## Task instructions:
When the string "mulrDl" is part of a line below, that line should be copied.

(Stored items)
○ ○ ○ ○

Lemma beta_psum_shift c m N :
  \sum_(1 <= i < N.+1) c (m + i)%N * beta ^- i =
  beta ^+ m * (beta_psum c (N + m.+1) - beta_psum c m.+1).
Proof.
rewrite /beta_psum [X in _ = _ * (X - _)](big_cat_nat _ (n := m.+1)) ?leq_addl //=.
rewrite [X in _ * X]addrC addKr -(add1n m) big_addn.
have -> : (N + (1 + m) - m = N.+1)%N by rewrite add1n addnS subSn ?leq_addl // addnK.
rewrite mulr_sumr; apply: eq_bigr => i _.
by rewrite addnC exprD invfM; field; rewrite !expf_neq0.
Qed.

Lemma beta_series_shift c m : cvgn (beta_psum c) ->
  limn (fun N => \sum_(1 <= i < N) c (m + i)%N * beta ^- i) = beta ^+ m * beta_tail c m.
Proof.
move=> c_cvg; apply: cvg_lim => //; rewrite -cvg_shiftS /=.
under eq_fun => N do rewrite beta_psum_shift.
apply: cvgM; first exact: cvg_cst.
by apply: cvgB; [rewrite (cvg_shiftn m.+1 (beta_psum c)) | exact: cvg_cst].
Qed.

Lemma beta_psum_choice (A : nat -> R -> Prop) (inv : nat -> R -> Prop) :
  inv 0%N 0 ->
  (forall m q, inv m q -> exists2 d, A m.+1 d & inv m.+1 (q + d * beta ^- m.+1)) ->
  exists2 a : nat -> R, (forall n, (1 <= n)%N -> A n (a n)) &
    forall n, inv n (beta_psum a n.+1).
Proof.
move=> inv0 inv_step.
have /choice[next nextP] : forall mq : nat * R, exists d, inv mq.1 mq.2 ->
    A mq.1.+1 d /\ inv mq.1.+1 (mq.2 + d * beta ^- mq.1.+1).
  move=> [m q] /=; have [/inv_step[d Ad invd]|not_inv] := pselect (inv m q).
    by exists d.
  by exists 0 => /not_inv.
pose fix q n := if n is k.+1 then q k + next (k, q k) * beta ^- k.+1 else 0.
have inv_q n : inv n (q n) by elim: n => //= n IH; exact: (nextP (n, q n) IH).2.
exists (fun n => next (n.-1, q n.-1)).
  by case=> // n _; exact: (nextP (n, q n) (inv_q n)).1.
suff psum_q n : beta_psum (fun n => next (n.-1, q n.-1)) n.+1 = q n.
  by move=> n; rewrite psum_q.
elim: n => [|n IH]; first by rewrite /beta_psum big_geq.
by rewrite beta_psumS // IH.
Qed.

End BetaSeries.

Section DigitSums.
Variables (R : realType) (beta : R) (S : nat -> seq R) (B : R).
Hypothesis beta_gt1 : 1 < beta.
Hypothesis S_neq0 : forall n, (1 <= n)%N -> S n != [::].
Hypothesis S_bounded : forall n, (1 <= n)%N -> forall x, x \in S n -> 0 <= x <= B.
Hypothesis S_gap : forall n, (1 <= n)%N ->
  seq_gap (S n) <= \big[+%R/0]_(1 <= i <oo)
    ((seq_max (S (n + i)%N) - seq_min (S (n + i)%N)) * beta ^- i).

Let lo n := seq_min (S n).
Let hi n := seq_max (S n).

Let lo_bounded n : (1 <= n)%N -> 0 <= lo n <= B.
Proof. by move=> n_ge1; apply/S_bounded/seq_min_in/S_neq0. Qed.

Let hi_bounded n : (1 <= n)%N -> 0 <= hi n <= B.
Proof. by move=> n_ge1; apply/S_bounded/seq_max_in/S_neq0. Qed.

Let lo_cvg : cvgn (beta_psum beta lo). Proof. exact: beta_psum_cvg lo_bounded. Qed.
Let hi_cvg : cvgn (beta_psum beta hi). Proof. exact: beta_psum_cvg hi_bounded. Qed.

Lemma digit_sum_in_itv (a : nat -> R) : (forall n, (1 <= n)%N -> a n \in S n) ->
  limn (beta_psum beta lo) <= limn (beta_psum beta a) <= limn (beta_psum beta hi).
Proof.
move=> aS; have a_cvg : cvgn (beta_psum beta a).
  apply: (beta_psum_cvg beta_gt1 (B := B)) => n n_ge1.
  exact: S_bounded (aS n n_ge1).
apply/andP; split; apply: ler_beta_series => // n n_ge1.
  exact/seq_min_le/aS.
exact/seq_max_ge/aS.
Qed.

Lemma seq_gap_le_tail m :
  seq_gap (S m.+1) * beta ^- m.+1 <= beta_tail beta hi m.+1 - beta_tail beta lo m.+1.
Proof.
have width_cvg : cvgn (beta_psum beta (fun k => hi k - lo k)).
  by rewrite (funext (beta_psumB beta lo hi)); apply: is_cvgB.
have := S_gap (isT : 0 < m.+1)%N.
rewrite (beta_series_shift beta_gt1 _ width_cvg) beta_tailB //.
by rewrite ler_pdivrMr ?exprn_gt0 ?(lt_trans ltr01) // mulrC.
Qed.

Lemma greedy_digit_step x q m :
  q + beta_tail beta lo m <= x <= q + beta_tail beta hi m ->
  exists2 d, d \in S m.+1 & q + d * beta ^- m.+1 + beta_tail beta lo m.+1 <= x <=
                            q + d * beta ^- m.+1 + beta_tail beta hi m.+1.
Proof.
rewrite (beta_tailS beta lo) (beta_tailS beta hi).
set e := beta ^- m.+1; set TL := beta_tail beta lo m.+1; set TU := beta_tail beta hi m.+1.
move=> /andP[lo_le_x x_le_hi].
have e_gt0 : 0 < e by rewrite invr_gt0 exprn_gt0 // (lt_trans ltr01).
have gap_le := seq_gap_le_tail m; rewrite -/e -/TL -/TU in gap_le.
pose y := (x - q - TL) / e; pose w := (TU - TL) / e.
have ye : y * e = x - q - TL by rewrite divfK ?gt_eqF.
have we : w * e = TU - TL by rewrite divfK ?gt_eqF.
have scale (u v : R) : (u <= v) = (u * e <= v * e) by rewrite ler_pM2r.
have [|||d dS /andP[d_le_y y_le_dw]] :=
  seq_gap_cover (S_neq0 (isT : 0 < m.+1)%N) (y := y) (w := w).
- by rewrite scale ye -/(lo m.+1); lra.
- by rewrite scale mulrDl ye we -/(hi m.+1); lra.
- by rewrite scale we.
exists d => //; move: d_le_y y_le_dw; rewrite (scale d) (scale y) ye mulrDl we.
by move=> *; apply/andP; split; lra.
Qed.

Lemma itv_sub_digit_sums x :
  limn (beta_psum beta lo) <= x <= limn (beta_psum beta hi) ->
  exists2 a : nat -> R, (forall n, (1 <= n)%N -> a n \in S n) &
    x = limn (beta_psum beta a).
Proof.
move=> /andP[lo_le_x x_le_hi].
have [|a aS a_inv] := beta_psum_choice (A := fun n d => d \in S n)
  (inv := fun m q => q + beta_tail beta lo m <= x <= q + beta_tail beta hi m) _
  (fun m q => @greedy_digit_step x q m).
  by rewrite /beta_tail /beta_psum !big_geq // !subr0 !add0r lo_le_x x_le_hi.
exists a => //; apply/esym/cvg_lim => //; rewrite -cvg_shiftS /=.
have x_sub_cvg c : cvgn (beta_psum beta c) -> x - beta_tail beta c n @[n --> \oo] --> x.
  move=> c_cvg; rewrite -[X in _ --> X]subr0.
  by apply: cvgB; [exact: cvg_cst | exact: beta_tail_cvg0].
apply: (squeeze_cvgr _ (x_sub_cvg _ hi_cvg) (x_sub_cvg _ lo_cvg)).
by apply: nearW => n; have /andP[? ?] := a_inv n; apply/andP; split; lra.
Qed.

○ ○ ○ ○

## Answer for this exercise:
- by rewrite scale mulrDl ye we -/(hi m.+1); lra.
exists d => //; move: d_le_y y_le_dw; rewrite (scale d) (scale y) ye mulrDl we.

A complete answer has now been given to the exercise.